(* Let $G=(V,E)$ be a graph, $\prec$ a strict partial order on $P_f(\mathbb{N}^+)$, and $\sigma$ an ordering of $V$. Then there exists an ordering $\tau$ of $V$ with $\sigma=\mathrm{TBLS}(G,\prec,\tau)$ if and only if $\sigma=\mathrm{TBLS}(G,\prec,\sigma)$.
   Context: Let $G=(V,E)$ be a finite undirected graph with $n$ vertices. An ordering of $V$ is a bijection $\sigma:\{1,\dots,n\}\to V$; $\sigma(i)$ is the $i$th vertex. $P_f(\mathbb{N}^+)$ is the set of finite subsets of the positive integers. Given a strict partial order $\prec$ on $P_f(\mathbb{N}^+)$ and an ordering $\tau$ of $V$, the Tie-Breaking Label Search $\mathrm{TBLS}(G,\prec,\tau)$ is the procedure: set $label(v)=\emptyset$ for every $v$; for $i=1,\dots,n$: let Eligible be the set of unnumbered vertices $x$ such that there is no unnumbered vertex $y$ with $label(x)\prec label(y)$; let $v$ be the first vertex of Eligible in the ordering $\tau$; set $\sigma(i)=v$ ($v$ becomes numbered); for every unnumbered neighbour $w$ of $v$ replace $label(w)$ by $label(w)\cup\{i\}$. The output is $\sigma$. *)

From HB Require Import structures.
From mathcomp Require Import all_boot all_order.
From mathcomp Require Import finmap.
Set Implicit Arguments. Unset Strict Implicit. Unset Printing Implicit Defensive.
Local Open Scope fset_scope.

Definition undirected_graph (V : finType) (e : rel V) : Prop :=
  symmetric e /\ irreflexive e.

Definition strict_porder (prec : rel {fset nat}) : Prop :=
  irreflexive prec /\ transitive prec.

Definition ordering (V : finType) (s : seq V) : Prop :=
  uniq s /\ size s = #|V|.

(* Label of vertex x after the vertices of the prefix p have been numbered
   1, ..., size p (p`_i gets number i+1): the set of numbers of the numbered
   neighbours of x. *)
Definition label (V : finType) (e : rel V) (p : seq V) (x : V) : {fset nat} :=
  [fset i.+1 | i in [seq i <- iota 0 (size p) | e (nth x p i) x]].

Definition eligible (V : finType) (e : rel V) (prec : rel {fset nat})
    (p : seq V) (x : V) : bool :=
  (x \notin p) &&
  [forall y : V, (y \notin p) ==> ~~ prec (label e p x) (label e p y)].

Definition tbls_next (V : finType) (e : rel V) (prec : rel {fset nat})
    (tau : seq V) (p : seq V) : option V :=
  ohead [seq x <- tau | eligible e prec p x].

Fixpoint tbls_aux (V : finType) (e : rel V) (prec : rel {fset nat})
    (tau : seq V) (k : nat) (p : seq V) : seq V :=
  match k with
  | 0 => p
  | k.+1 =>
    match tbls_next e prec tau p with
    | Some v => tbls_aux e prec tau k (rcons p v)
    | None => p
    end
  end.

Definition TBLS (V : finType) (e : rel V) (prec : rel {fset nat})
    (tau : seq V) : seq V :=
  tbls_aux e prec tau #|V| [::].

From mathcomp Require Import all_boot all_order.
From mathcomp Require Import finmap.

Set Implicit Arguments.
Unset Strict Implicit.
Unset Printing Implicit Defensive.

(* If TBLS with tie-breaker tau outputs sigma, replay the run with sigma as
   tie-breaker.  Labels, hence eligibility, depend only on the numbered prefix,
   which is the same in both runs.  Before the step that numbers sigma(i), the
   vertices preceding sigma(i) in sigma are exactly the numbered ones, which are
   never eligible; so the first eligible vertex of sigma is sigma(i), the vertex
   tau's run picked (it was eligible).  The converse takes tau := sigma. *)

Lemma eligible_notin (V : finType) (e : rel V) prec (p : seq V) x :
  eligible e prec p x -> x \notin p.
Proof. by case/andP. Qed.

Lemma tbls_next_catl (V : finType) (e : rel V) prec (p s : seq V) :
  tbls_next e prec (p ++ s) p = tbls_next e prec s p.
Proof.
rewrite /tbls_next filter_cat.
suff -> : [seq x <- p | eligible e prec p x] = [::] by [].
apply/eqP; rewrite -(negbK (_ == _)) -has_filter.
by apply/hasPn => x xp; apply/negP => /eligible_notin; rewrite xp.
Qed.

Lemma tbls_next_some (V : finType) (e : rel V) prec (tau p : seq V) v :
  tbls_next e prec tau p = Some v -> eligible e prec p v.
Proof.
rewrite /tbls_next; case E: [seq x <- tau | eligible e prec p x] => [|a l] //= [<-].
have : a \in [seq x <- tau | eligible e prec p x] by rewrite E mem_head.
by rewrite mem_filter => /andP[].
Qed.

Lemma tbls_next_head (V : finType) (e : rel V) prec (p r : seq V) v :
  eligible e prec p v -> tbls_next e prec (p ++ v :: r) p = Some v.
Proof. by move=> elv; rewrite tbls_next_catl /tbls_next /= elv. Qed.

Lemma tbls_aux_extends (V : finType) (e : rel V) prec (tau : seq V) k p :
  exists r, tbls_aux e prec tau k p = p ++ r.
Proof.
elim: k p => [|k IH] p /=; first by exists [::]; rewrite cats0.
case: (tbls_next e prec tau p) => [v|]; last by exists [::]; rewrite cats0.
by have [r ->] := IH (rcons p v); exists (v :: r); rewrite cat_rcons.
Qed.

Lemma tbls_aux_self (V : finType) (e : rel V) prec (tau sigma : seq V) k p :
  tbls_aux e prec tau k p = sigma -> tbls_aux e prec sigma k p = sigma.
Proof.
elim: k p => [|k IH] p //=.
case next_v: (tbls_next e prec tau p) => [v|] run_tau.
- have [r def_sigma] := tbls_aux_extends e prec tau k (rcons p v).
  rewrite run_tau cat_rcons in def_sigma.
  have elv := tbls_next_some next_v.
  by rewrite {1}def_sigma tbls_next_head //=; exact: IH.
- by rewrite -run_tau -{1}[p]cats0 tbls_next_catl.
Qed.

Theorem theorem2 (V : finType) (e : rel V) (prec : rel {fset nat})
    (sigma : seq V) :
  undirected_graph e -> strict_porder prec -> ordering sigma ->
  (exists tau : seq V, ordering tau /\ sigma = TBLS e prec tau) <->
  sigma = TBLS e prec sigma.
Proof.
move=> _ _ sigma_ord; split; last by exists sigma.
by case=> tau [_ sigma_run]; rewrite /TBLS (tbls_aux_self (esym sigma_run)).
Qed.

______

**Exercise**
State how many lines above contain the string "Lemma", with no other words.

**Written response**
6